_What the task asks_: Collect all lines from the listing that include the string "which".

_Given information_:
(* Let $\{F_y\}_{y\in P}$ be a family of $d$-IEMs on $\mathbb{S}^1$ with fixed combinatorics, elemental subintervals $J_\alpha(y)$ and translation amounts $\omega_\alpha(y)$ depending $C^1$ on $y$, let $f$ be a smooth $1$-periodic function, and $T_\varepsilon(x,y)=(F_y(x),\,y+\varepsilon f(F_y(x)))$. Let $X^*=\{(x_k^*,y_0^* )\}_{k=0}^{q-1}$, $x_k^*=F_{y_0^*}^k(x_0^* )$, be a $q$-periodic orbit of $T_0$ with $y_0^*$ in the interior of $P$ and each $x_k^*$ in the interior of an elemental subinterval $J_{\alpha_k}(y_0^* )$. Set $$M(X^* )=\Big(\sum_{k=0}^{q-1}f'(x_k^* )\Big)\Big(\sum_{k=0}^{q-1}\omega'_{\alpha_k}(y_0^* )\Big).$$ (i) If $\sum_{k=0}^{q-1}f(x_k^* )=0$ and $M(X^* )\neq 0$, then there exist $\varepsilon_0>0$ and a neighborhood $U$ of $(x_0^*,y_0^* )$ such that for every $0<|\varepsilon|<\varepsilon_0$ the map $T_\varepsilon$ has exactly one point $(x_0^\varepsilon,y_0^\varepsilon)\in U$ with $T_\varepsilon^q(x_0^\varepsilon,y_0^\varepsilon)=(x_0^\varepsilon,y_0^\varepsilon)$; it depends continuously on $\varepsilon$ and tends to $(x_0^*,y_0^* )$ as $\varepsilon\to0$. (ii) If $\sum_{k=0}^{q-1}f(x_k^* )\neq 0$, then there exist $\varepsilon_0>0$ and a neighborhood $U$ of $(x_0^*,y_0^* )$ such that for $0<|\varepsilon|<\varepsilon_0$ no point of $U$ satisfies $T_\varepsilon^q(p)=p$.
   Context: A $d$-IEM on $\mathbb{S}^1=\mathbb{R}/\mathbb{Z}$ (identified with $[0,1)$) translates each of $d$ consecutive left-closed right-open elemental subintervals $J_\alpha$; here $F_y(x)=x+\omega_\alpha(y)$ for $x\in J_\alpha(y)$, with the endpoints of the $J_\alpha(y)$ and $\omega_\alpha(y)$ of class $C^1$ in $y\in P$, $P$ an open interval. *)

From Stdlib Require Import Reals List.
From Coquelicot Require Import Coquelicot.
Import ListNotations.
Open Scope R_scope.

Definition sumk (n : nat) (g : nat -> R) : R :=
  fold_right Rplus 0 (map g (seq 0 n)).

Definition inP (pa pb : Rbar) (y : R) : Prop :=
  Rbar_lt pa (Finite y) /\ Rbar_lt (Finite y) pb.

Definition C1_on (pa pb : Rbar) (g : R -> R) : Prop :=
  forall y, inP pa pb y -> ex_derive g y /\ continuous (Derive g) y.

Definition smooth (f : R -> R) : Prop := forall (n : nat) (x : R), ex_derive_n f n x.

(* A family of d-IEMs with fixed combinatorics on S^1 = R/Z (identified with
   [0,1)): endpoints b 0 y < b 1 y < ... < b d y = b 0 y + 1, the elemental
   intervals being J_alpha(y) = [b alpha y, b (alpha+1) y) (mod 1),
   alpha = 0..d-1, each translated by omega alpha y. *)
Definition IEM_family (d : nat) (pa pb : Rbar) (b om : nat -> R -> R) : Prop :=
  (1 <= d)%nat /\
  Rbar_lt pa pb /\
  (forall y, inP pa pb y ->
     (forall al, (al < d)%nat -> b al y < b (S al) y) /\ b d y = b 0%nat y + 1) /\
  (forall al, (al <= d)%nat -> C1_on pa pb (b al)) /\
  (forall al, (al < d)%nat -> C1_on pa pb (om al)).

Definition lift (b : nat -> R -> R) (y x : R) : R :=
  b 0%nat y + frac_part (x - b 0%nat y).

(* translation amount applied to x: omega_alpha(y) for the alpha with x in J_alpha(y) *)
Definition shift (d : nat) (b om : nat -> R -> R) (y x : R) : R :=
  sumk d (fun al =>
    if Rle_dec (b al y) (lift b y x) then
      if Rlt_dec (lift b y x) (b (S al) y) then om al y else 0
    else 0).

Definition IEM (d : nat) (b om : nat -> R -> R) (y x : R) : R :=
  frac_part (x + shift d b om y x).

Definition Tmap (d : nat) (b om : nat -> R -> R) (f : R -> R) (eps : R)
    (p : R * R) : R * R :=
  let x' := IEM d b om (snd p) (fst p) in (x', snd p + eps * f x').

Definition cdist (a c : R) : R := Rmin (frac_part (a - c)) (frac_part (c - a)).

(* U (a set of points (x,y) with x in [0,1) representing S^1 x R) is a
   neighbourhood of p in S^1 x R *)
Definition is_nbhd (U : R * R -> Prop) (p : R * R) : Prop :=
  exists r, 0 < r /\
    forall x y, 0 <= x < 1 -> cdist x (fst p) < r -> Rabs (y - snd p) < r -> U (x, y).

From Pilot Require Import Defs.
From Stdlib Require Import Reals List Lra Lia ZArith IndefiniteDescription.
From Coquelicot Require Import Coquelicot.
Open Scope R_scope.

(* Near the periodic orbit each [F_y] acts on a point by the translation of its elemental
   interval, so [T_eps^q] is explicit there: it maps [(x_0 + u, y)] to [(x_0 + U_q, y + eps S_q)],
   where [(U_k, S_k)] follows the recursion [orbit] below.  Hence a point is [q]-periodic iff
   [D := U_q - u] and [eps A] vanish, with [A := S_q].  At [(u, y, eps) = (0, y_0, 0)] we have
   [D = 0] for every [u] and [A = sum_k f(x_k)]; to first order [D] grows like
   [(sum_k omega'_(alpha_k)(y_0)) (y - y_0)] and [A] like [(sum_k f'(x_k)) u], all other
   dependencies being small on small boxes.  If [sum_k f(x_k) <> 0], [A] cannot vanish near
   [(0, y_0, 0)], which is (ii).  If [sum_k f(x_k) = 0] and [M <> 0], a quantitative implicit
   function theorem, proved by two applications of the intermediate value theorem, solves
   [D = A = 0] uniquely and Lipschitz-continuously in [eps], which is (i). *)

Lemma sumk_S n g : sumk (S n) g = sumk n g + g n.
Proof.
  unfold sumk. rewrite seq_S, map_app, fold_right_app. simpl.
  generalize (map g (seq 0 n)). intros l. induction l as [|x l IH]; simpl; lra.
Qed.

Lemma sumk_mult_r n (t : nat -> R) c : sumk n (fun k => t k * c) = sumk n t * c.
Proof. induction n; [unfold sumk; simpl; ring|]. rewrite !sumk_S, IHn. ring. Qed.

Lemma sumk_shift_periodic n (g : nat -> R) :
  g n = g 0%nat -> sumk n (fun k => g (S k)) = sumk n g.
Proof.
  intros Hn. enough (forall m, sumk m (fun k => g (S k)) + g 0%nat = sumk m g + g m) as H.
  { specialize (H n). lra. }
  induction m; [unfold sumk; simpl; lra|]. rewrite !sumk_S. lra.
Qed.

Lemma sumk_single n (g : nat -> R) j :
  (j < n)%nat -> (forall k, (k < n)%nat -> k <> j -> g k = 0) -> sumk n g = g j.
Proof.
  intros Hj Hg. enough (forall m, (m <= n)%nat -> sumk m g = if (j <? m)%nat then g j else 0) as H.
  { rewrite H by lia. replace (j <? n)%nat with true; [reflexivity|symmetry; apply Nat.ltb_lt; lia]. }
  induction m; intros Hm; [reflexivity|]. rewrite sumk_S, IHm by lia.
  destruct (Nat.eq_dec m j) as [->|Hne].
  - replace (j <? j)%nat with false by (symmetry; apply Nat.ltb_ge; lia).
    replace (j <? S j)%nat with true by (symmetry; apply Nat.ltb_lt; lia). ring.
  - rewrite (Hg m) by lia. rewrite Rplus_0_r.
    destruct (Nat.ltb_spec j m), (Nat.ltb_spec j (S m)); lia || reflexivity.
Qed.

Lemma sumk_term_le n (t : nat -> R) k :
  (forall j, (j < n)%nat -> 0 <= t j) -> (k < n)%nat -> t k <= sumk n t.
Proof.
  intros Ht Hk. induction n as [|n IH]; [lia|]. rewrite sumk_S.
  assert (Hsum : forall m, (m <= n)%nat -> 0 <= sumk m t).
  { induction m; intros Hm; [unfold sumk; simpl; lra|].
    rewrite sumk_S. specialize (IHm ltac:(lia)). specialize (Ht m ltac:(lia)). lra. }
  destruct (Nat.eq_dec k n) as [->|Hne].
  - specialize (Hsum n (le_n n)). lra.
  - specialize (IH ltac:(intros; apply Ht; lia) ltac:(lia)). specialize (Ht n ltac:(lia)). lra.
Qed.

Lemma telescope_approx (X t : nat -> R) beta n :
  (forall k, (k < n)%nat -> Rabs (X (S k) - X k - t k) <= beta) ->
  Rabs (X n - X 0%nat - sumk n t) <= INR n * beta.
Proof.
  induction n; intros H.
  - unfold sumk; simpl. replace (X 0%nat - X 0%nat - 0) with 0 by ring. rewrite Rabs_R0. lra.
  - rewrite sumk_S, S_INR.
    replace (X (S n) - X 0%nat - (sumk n t + t n))
      with ((X n - X 0%nat - sumk n t) + (X (S n) - X n - t n)) by ring.
    eapply Rle_trans; [apply Rabs_triang|].
    specialize (IHn ltac:(intros; apply H; lia)). specialize (H n ltac:(lia)). lra.
Qed.

Lemma telescope_bound (X : nat -> R) beta n :
  (forall k, (k < n)%nat -> Rabs (X (S k) - X k) <= beta) -> Rabs (X n - X 0%nat) <= INR n * beta.
Proof.
  intros H. pose proof (telescope_approx X (fun _ => 0) beta n) as T.
  assert (Hz : forall m, sumk m (fun _ => 0) = 0) by (induction m; [reflexivity|rewrite sumk_S, IHm; ring]).
  rewrite Hz, Rminus_0_r in T. apply T.
  intros k Hk. rewrite Rminus_0_r. auto.
Qed.

(** * Fractional parts and the circle *)

Lemma frac_part_range r : 0 <= frac_part r < 1.
Proof. destruct (base_fp r); lra. Qed.

Lemma frac_part_unique r z x : 0 <= x < 1 -> r = IZR z + x -> frac_part r = x.
Proof. intros Hx Hr. symmetry. apply (Int_part_frac_part_spec r z x Hx Hr). Qed.

Lemma frac_part_add_IZR r z : frac_part (r + IZR z) = frac_part r.
Proof.
  apply (frac_part_unique _ (Int_part r + z)); [apply frac_part_range|].
  rewrite plus_IZR, (Rplus_Int_part_frac_part r) at 1. ring.
Qed.

Lemma frac_part_id x : 0 <= x < 1 -> frac_part x = x.
Proof. intros Hx. apply (frac_part_unique _ 0); [exact Hx|simpl; ring]. Qed.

_Answer below_:
   [(0, y_0, 0)], which is (ii).  If [sum_k f(x_k) = 0] and [M <> 0], a quantitative implicit
   [D = A = 0] uniquely and Lipschitz-continuously in [eps], which is (i). *)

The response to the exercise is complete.